Opinionated by design.
Evidence by default.
Most training apps give you too much rope. Hundreds of optional fields, seven ways to log the same set, and still no clear answer to the one question that matters. Lambda is different by design — every field in the app exists because it contributes to answering is this working?
The result: logging that’s fast enough to actually do, data that’s clean enough to actually read, and conclusions you can stand behind.
Track what matters, nothing else
Sets, reps, weight, bodyweight, sleep, pre-session readiness, session feel. Each field has a specific job. Together they build a picture of your training that can actually be read.
Patterns across sessions, not noise across sets
A single session is anecdote. Lambda organises your logs into trends — volume over time, performance relative to readiness, exercise consistency — and surfaces what actually means something.
Three possible conclusions
Worked. Failed. Needs more time. Lambda narrows the question using your own data. You make the call. The evidence is yours; the decision is yours.
Every field
earns its place.
Lambda doesn’t give you optional fields to fill in or skip. It gives you exactly what’s needed to answer the question — grouped by what they measure and why they matter.
Session data
Sets, reps, and weight — the volume and load core. Lambda also tracks half-reps and reps from supersets within the same set structure, so your data accurately reflects what you actually did without forcing artificial splits.
Readiness data
Bodyweight, sleep quality, whether you’ve eaten and hydrated. These aren’t nice-to-haves — they’re the context that explains why a session went the way it did. If these are consistently off, that pattern matters too.
Session feel
Subjective signal alongside the numbers. When how it felt agrees with what the numbers say, that’s confirming. When they disagree — sessions that felt awful but the numbers held up, or easy but the numbers dropped — that’s more interesting.
What Lambda
actually surfaces.
Two examples of what the framework finds when you give it real training data. The findings aren’t always what you’d expect.
The structured “winger”
You’ve been training without a written plan — going by feel, doing what seems right. Six weeks of logs later, Lambda shows you’ve been hitting the same movement patterns every session, adding load progressively, with stable session-feel scores throughout. You weren’t winging it. You were training structurally and it’s been working. Lambda’s conclusion: confirmed. Keep the direction.
The program that isn’t
Twelve weeks in, progress has stalled and you’re not sure why.
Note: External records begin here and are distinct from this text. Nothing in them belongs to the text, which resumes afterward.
Lemma profile_form_wedge A A' w : 0 < sqnorm w -> 0 < A (sqnorm w * sqnorm w) ->
  wedge_sq_coeff (profile_form A A') w = 2 * A' (sqnorm w * sqnorm w).
Proof. intros. unfold profile_form. rewrite radial_form_wedge, prof_det; auto. Qed.

Lemma profile_form_posdef A A' w : 0 < sqnorm w -> 0 < A (sqnorm w * sqnorm w) ->
  0 < A' (sqnorm w * sqnorm w) -> posdef (profile_form A A' w).
Proof.
  intros Hs HA HA'. apply radial_form_posdef; auto; [apply prof1_pos; auto|].
  rewrite prof12_eq by auto.
  apply Rdiv_lt_0_compat; [apply Rmult_lt_0_compat | apply sqrt_lt_R0]; auto.
Qed.

Lemma profile_form_local A A' B B' w :
  A (sqnorm w * sqnorm w) = B (sqnorm w * sqnorm w) ->
  A' (sqnorm w * sqnorm w) = B' (sqnorm w * sqnorm w) ->
  form_eq_at (profile_form A A') (profile_form B B') w.
Proof. intros EA EA' j k _ _. unfold profile_form, radial_form, prof1, prof2. rewrite EA, EA'. reflexivity. Qed.

Lemma profile_form_flat A A' w : 0 < sqnorm w ->
  A (sqnorm w * sqnorm w) = sqnorm w * sqnorm w -> A' (sqnorm w * sqnorm w) = 1 ->
  form_eq_at (profile_form A A') omega_hat w.
Proof.
  intros Hs EA EA'. apply radial_form_flat; unfold prof1, prof2; rewrite EA, ?EA'.
  - rewrite sqrt_square by lra. field. lra.
  - unfold Rdiv. ring.
Qed.

(* In a chart point [p = (z, u)] of [X~]: [chart_c p = 1 + |z|^2] and
   [chart_X p = |u|^2 (1 + |z|^2)^2], which is [|w|^4] off [E] and [0] on [E]. *)
Definition chart_z2 (p : C2) : R := coord 0 p * coord 0 p + coord 1 p * coord 1 p.
Definition chart_c (p : C2) : R := 1 + chart_z2 p.
Definition chart_X (p : C2) : R :=
  (coord 2 p * coord 2 p + coord 3 p * coord 3 p) * chart_c p * chart_c p.

Definition profile_chart (A A' : R -> R) (p : C2) (a b : nat) : C :=
  let X := chart_X p in
  let c := chart_c p in
  let g := c * A' X / (2 * sqrt (A X)) in
  match a, b with
  | O, O => RtoC (sqrt (A X) / c + chart_z2 p * (X * A' X - A X) / (c * c * sqrt (A X)))
  | O, _ => Cmult (RtoC g) (Cmult (Cconj (fst p)) (snd p))
  | _, O => Cmult (RtoC g) (Cmult (fst p) (Cconj (snd p)))
  | _, _ => RtoC (c * c * A' X / (4 * sqrt (A X)))
  end.

Lemma profile_chart_pullback (A A' : R -> R) (ch : bool) z u :
  u <> RtoC 0 -> 0 < A (chart_X (z, Cmult u u)) -> forall a b, (a < 2)%nat -> (b < 2)%nat ->
  profile_chart A A' (z, Cmult u u) a b =
  pullback (chart_jac ch z u) (profile_form A A' (chart_pt ch z u)) a b.
Proof.
  intros Hu HA a b Ha Hb. destruct z as [zp zq], u as [sa sb].
  assert (Hr : 0 < sa * sa + sb * sb).
  { destruct (Req_dec sa 0), (Req_dec sb 0); try nra. subst. exfalso. apply Hu. reflexivity. }
  set (S := (sa * sa + sb * sb) * (1 + (zp * zp + zq * zq))).
  assert (E1 : sqnorm (chart_pt ch (zp, zq) (sa, sb)) = S)
    by (destruct ch; unfold sqnorm, chart_pt, coord, S, Cmult; simpl; ring).
  assert (E2 : chart_X (@pair C C (zp, zq) (Cmult (sa, sb) (sa, sb))) = S * S)
    by (unfold chart_X, chart_c, chart_z2, coord, S, Cmult; simpl; ring).
  rewrite E2 in HA. unfold profile_chart, profile_form, radial_form, prof1, prof2. cbv zeta.
  rewrite E1, E2.
  assert (HQ2 : sqrt (A (S * S)) * sqrt (A (S * S)) = A (S * S)) by (apply sqrt_sqrt; lra).
  assert (HQ : 0 < sqrt (A (S * S))) by (apply sqrt_lt_R0; auto).
  set (Q := sqrt (A (S * S))) in *. set (B := A' (S * S)). rewrite <- HQ2. clearbody Q B.
  assert (HC : 0 < 1 + (zp * zp + zq * zq)) by nra.
  unfold S in *. clear E1 E2 HA HQ2.
  destruct ch, a as [|[|]], b as [|[|]]; try lia;
  unfold chart_c, chart_z2, coord, chart_pt, chart_jac, pullback, wcoord; simpl;
  apply injective_projections; unfold Cmult, Cplus, Cconj, Cinv, RtoC; simpl;
  field; repeat split; nra.
Qed.

Section Profile.
Variables (a : R) (A A' : R -> R).
Hypothesis Ha : a < 0.
Hypothesis HA : smooth_above a A.
Hypothesis HA' : smooth_above a A'.
Hypothesis HdA : forall X, a < X -> is_derive A X (A' X).
Hypothesis Hpos : forall X, a < X -> 0 < A X.
Hypothesis Hpos' : forall X, a < X -> 0 < A' X.

Lemma sq_gt s : a < s * s.
Proof. nra. Qed.

Lemma smooth_above_sqrtA : smooth_above a (fun X => sqrt (A X)).
Proof. apply sa_sqrt; auto. Qed.

Lemma smooth_above_prof1 : smooth_above 0 (prof1 A).
Proof.
  apply sa_ext with (fun s => sqrt (A (s * s)) * / s).
  - apply sa_mult; [|apply sa_inv; [constructor | auto]].
    apply (sa_comp 0 a (fun X => sqrt (A X)) (fun s => s * s));
      [apply smooth_above_sqrtA | repeat constructor | intros; apply sq_gt].
  - reflexivity.
Qed.

Lemma smooth_above_prof2 : smooth_above 0 (prof2 A A').
Proof.
  assert (HQ : forall s, 0 < sqrt (A (s * s))) by (intro; apply sqrt_lt_R0, Hpos, sq_gt).
  apply sa_ext with (fun s => (s * s * A' (s * s) + (-1) * A (s * s)) *
                              (/ (s * s) * / sqrt (A (s * s)))).
  - assert (Hcomp : forall g, smooth_above a g -> smooth_above 0 (fun s => g (s * s)))
      by (intros g Hg; apply sa_comp with a; [auto | repeat constructor | intros; apply sq_gt]).
    assert (Hsq : smooth_above 0 (fun s => s * s)) by repeat constructor.
    apply sa_mult; [apply sa_plus; apply sa_mult|apply sa_mult; apply sa_inv].
    + exact Hsq.
    + apply (Hcomp A'), HA'.
    + constructor.
    + apply (Hcomp A), HA.
    + exact Hsq.
    + intros; nra.
    + apply (Hcomp (fun X => sqrt (A X))), smooth_above_sqrtA.
    + auto.
  - intros s Hs. unfold prof2. specialize (HQ s). field. split; nra.
Qed.

Lemma chart_X_ge0 p : 0 <= chart_X p.
Proof.
  unfold chart_X, chart_c, chart_z2.
  assert (0 <= coord 0 p * coord 0 p + coord 1 p * coord 1 p) by nra.
  assert (0 <= coord 2 p * coord 2 p + coord 3 p * coord 3 p) by nra.
  apply Rmult_le_pos; [apply Rmult_le_pos|]; lra.
Qed.

Lemma chart_c_pos p : 0 < chart_c p.
Proof. unfold chart_c, chart_z2. nra. Qed.

Lemma smooth_expr_chart (g : R -> R) : smooth_above a g ->
  smooth_expr (fun _ => True) (fun p => g (chart_X p)).
Proof.
  intro Hg. apply se_comp with a; auto.
  - unfold chart_X, chart_c, chart_z2. repeat constructor.
  - intros p _. generalize (chart_X_ge0 p). lra.
Qed.

Lemma chart_sqrtA_pos p : 0 < sqrt (A (chart_X p)).
Proof. apply sqrt_lt_R0, Hpos. generalize (chart_X_ge0 p). lra. Qed.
Lambda shows your primary lower body compound has changed four times — squat to hack squat to leg press to Bulgarian split squat. Each swap reset the adaptation window. No single movement has accumulated enough consistent data to show whether it’s working or failing. Lambda’s conclusion: insufficient data. The problem isn’t training intensity. It’s exercise consistency.
Design, track,
analyse, decide.
Four phases that repeat — each one informed by more signal than the last.
Set your intent
Decide what you’re training for — a strength block, a hypertrophy phase, a competition cycle. Lambda structures your plan around that intent. Not a preset handed to you; a framework for the choices you make.
Log with purpose
Each session gets the full picture: load, volume, readiness, feel. Consistent logging is what turns individual sessions into readable data. Lambda keeps it fast so it actually happens.
Read the pattern, not the session
One bad session is noise. Six weeks of data is signal. Lambda brings your numbers and context together so you can see what’s actually happening — not what it felt like on any given day.
Worked. Failed. Needs more time.
Lambda narrows the question using your data. You make the call — change the load, commit to an exercise, extend the block, pull back. The framework informs the decision. It never makes it for you.